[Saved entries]

━━━━━━━━

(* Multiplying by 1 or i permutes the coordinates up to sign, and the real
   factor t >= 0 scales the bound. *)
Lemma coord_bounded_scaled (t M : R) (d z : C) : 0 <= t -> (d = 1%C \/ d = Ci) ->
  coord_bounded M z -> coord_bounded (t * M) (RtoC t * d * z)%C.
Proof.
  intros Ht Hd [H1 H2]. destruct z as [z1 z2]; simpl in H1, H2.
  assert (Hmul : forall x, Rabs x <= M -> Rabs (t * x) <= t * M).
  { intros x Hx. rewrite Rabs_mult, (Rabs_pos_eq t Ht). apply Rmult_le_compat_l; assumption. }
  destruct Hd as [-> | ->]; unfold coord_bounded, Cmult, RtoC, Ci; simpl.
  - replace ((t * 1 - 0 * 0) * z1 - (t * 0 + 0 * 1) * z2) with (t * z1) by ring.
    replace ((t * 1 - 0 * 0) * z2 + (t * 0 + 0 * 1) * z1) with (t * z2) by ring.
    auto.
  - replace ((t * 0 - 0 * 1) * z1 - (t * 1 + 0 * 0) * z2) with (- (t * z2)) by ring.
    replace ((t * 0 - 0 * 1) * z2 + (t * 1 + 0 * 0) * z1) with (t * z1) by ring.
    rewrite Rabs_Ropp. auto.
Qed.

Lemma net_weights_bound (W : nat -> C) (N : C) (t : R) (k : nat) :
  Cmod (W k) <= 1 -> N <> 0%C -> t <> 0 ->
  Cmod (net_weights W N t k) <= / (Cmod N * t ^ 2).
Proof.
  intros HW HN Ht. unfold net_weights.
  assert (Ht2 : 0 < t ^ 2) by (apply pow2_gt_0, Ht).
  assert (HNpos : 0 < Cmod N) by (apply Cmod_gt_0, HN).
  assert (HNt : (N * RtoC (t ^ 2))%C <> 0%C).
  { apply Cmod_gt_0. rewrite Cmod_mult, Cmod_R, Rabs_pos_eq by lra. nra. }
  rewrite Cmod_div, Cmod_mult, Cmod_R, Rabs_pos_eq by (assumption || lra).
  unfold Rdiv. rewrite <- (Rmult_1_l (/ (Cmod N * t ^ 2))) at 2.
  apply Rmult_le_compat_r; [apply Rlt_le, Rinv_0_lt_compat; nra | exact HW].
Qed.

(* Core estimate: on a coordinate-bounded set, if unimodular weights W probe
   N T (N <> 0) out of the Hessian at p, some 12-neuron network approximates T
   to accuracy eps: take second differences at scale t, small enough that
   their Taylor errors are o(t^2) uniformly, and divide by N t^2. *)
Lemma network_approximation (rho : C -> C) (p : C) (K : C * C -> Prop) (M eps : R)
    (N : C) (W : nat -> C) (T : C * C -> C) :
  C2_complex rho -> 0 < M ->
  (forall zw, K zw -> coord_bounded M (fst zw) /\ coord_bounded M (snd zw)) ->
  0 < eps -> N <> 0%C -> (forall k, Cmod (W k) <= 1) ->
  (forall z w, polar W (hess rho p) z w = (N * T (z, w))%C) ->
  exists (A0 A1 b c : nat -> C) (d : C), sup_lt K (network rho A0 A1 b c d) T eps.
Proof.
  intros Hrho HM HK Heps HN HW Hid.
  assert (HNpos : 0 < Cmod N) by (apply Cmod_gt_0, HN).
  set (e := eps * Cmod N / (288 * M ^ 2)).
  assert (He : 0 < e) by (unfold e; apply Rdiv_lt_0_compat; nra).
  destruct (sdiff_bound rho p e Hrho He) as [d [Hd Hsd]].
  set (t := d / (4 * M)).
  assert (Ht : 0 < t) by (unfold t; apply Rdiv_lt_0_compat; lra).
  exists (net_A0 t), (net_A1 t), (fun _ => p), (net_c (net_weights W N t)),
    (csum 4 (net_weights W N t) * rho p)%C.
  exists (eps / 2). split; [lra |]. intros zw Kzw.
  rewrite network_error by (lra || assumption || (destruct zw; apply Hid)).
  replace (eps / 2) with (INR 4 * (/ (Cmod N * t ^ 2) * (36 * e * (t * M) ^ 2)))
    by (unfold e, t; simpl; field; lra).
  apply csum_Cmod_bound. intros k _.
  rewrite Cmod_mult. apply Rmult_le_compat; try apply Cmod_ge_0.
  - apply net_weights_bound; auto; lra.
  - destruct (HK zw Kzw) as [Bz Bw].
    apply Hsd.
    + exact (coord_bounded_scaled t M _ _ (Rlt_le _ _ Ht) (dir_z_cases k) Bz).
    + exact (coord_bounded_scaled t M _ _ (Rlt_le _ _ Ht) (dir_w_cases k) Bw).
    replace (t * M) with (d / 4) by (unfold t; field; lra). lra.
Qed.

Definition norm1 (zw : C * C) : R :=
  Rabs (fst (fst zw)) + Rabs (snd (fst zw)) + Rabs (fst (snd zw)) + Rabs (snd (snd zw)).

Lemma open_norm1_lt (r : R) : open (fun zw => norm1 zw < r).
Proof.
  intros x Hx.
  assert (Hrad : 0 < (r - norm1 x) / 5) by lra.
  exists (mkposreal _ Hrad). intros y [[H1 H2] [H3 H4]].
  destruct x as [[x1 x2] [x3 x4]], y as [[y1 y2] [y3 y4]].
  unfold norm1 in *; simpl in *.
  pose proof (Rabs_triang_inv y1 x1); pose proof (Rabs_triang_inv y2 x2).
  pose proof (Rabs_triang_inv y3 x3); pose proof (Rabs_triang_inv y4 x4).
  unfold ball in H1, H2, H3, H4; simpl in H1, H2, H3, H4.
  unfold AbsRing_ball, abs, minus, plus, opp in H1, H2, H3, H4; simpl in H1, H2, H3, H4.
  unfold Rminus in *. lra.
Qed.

━━━━━━━━

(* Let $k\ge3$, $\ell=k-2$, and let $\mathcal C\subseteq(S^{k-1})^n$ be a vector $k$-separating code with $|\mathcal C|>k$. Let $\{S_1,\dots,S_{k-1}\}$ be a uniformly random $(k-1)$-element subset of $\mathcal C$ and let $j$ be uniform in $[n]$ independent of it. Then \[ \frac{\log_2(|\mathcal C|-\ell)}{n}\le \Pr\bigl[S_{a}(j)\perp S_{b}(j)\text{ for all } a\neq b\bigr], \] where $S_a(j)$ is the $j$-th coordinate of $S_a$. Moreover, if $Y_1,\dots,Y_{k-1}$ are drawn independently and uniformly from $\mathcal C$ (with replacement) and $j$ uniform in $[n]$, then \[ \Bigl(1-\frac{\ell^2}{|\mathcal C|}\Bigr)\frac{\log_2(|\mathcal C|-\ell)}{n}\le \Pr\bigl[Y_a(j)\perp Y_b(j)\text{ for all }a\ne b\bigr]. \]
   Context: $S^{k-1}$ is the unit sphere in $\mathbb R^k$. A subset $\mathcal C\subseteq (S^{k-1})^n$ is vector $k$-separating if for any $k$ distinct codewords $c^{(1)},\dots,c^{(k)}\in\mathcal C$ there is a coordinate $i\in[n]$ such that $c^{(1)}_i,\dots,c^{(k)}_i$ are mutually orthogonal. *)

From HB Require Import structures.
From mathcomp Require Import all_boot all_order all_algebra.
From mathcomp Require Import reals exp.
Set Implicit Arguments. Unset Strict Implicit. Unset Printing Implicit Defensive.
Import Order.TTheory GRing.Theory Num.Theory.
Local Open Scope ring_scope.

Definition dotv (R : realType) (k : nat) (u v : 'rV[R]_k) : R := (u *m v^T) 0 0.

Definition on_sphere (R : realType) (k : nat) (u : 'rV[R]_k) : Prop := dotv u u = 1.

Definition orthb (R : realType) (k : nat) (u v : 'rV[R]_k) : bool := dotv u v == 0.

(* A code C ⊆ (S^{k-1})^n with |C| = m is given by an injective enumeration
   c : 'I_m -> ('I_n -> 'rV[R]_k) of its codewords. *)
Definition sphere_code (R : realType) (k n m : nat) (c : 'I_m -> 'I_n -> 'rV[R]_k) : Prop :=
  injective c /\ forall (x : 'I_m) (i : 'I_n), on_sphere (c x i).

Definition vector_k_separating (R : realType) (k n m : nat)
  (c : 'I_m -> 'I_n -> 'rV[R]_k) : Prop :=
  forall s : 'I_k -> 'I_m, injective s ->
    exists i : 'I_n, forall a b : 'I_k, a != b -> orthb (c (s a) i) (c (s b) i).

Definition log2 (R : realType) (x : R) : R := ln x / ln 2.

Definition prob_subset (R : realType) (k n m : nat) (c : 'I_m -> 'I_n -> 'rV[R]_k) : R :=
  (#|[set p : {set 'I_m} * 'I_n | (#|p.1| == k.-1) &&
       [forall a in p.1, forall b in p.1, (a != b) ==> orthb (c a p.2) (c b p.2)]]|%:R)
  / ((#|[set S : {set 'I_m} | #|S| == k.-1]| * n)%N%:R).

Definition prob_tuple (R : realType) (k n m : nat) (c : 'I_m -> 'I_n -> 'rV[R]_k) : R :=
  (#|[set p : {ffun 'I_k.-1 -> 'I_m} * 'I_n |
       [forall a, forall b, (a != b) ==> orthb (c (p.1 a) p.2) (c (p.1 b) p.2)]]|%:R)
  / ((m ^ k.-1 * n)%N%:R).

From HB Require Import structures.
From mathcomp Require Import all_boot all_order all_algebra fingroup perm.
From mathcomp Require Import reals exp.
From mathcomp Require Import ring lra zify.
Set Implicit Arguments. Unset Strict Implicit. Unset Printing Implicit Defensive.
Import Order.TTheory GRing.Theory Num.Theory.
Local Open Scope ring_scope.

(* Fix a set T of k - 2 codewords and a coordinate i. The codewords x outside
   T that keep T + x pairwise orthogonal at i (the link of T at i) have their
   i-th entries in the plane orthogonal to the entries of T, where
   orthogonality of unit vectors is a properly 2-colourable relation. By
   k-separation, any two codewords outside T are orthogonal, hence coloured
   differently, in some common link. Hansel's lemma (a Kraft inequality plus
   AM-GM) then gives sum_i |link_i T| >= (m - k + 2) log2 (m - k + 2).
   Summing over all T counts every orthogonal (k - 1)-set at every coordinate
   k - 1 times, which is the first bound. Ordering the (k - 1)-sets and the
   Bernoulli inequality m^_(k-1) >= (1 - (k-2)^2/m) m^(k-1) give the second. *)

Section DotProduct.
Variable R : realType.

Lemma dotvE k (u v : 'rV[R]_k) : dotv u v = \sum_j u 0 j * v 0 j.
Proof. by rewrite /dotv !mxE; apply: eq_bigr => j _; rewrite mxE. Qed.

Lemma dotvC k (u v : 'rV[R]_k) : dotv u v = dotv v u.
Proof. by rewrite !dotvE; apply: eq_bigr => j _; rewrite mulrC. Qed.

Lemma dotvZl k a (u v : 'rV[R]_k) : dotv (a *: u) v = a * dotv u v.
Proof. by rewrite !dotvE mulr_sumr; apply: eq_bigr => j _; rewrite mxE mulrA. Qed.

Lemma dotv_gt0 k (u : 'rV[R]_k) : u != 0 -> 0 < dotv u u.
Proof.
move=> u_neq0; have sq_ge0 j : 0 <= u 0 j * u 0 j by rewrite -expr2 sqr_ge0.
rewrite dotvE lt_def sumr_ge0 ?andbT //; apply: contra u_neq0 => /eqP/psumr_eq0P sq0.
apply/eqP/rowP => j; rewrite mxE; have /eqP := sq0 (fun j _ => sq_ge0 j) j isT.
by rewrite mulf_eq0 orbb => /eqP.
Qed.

━━━━━━━━

> **Required work**
Find each line in the records above that contains "their", and copy it.

> **Response to the exercise**
   their Taylor errors are o(t^2) uniformly, and divide by N t^2. *)
   T that keep T + x pairwise orthogonal at i (the link of T at i) have their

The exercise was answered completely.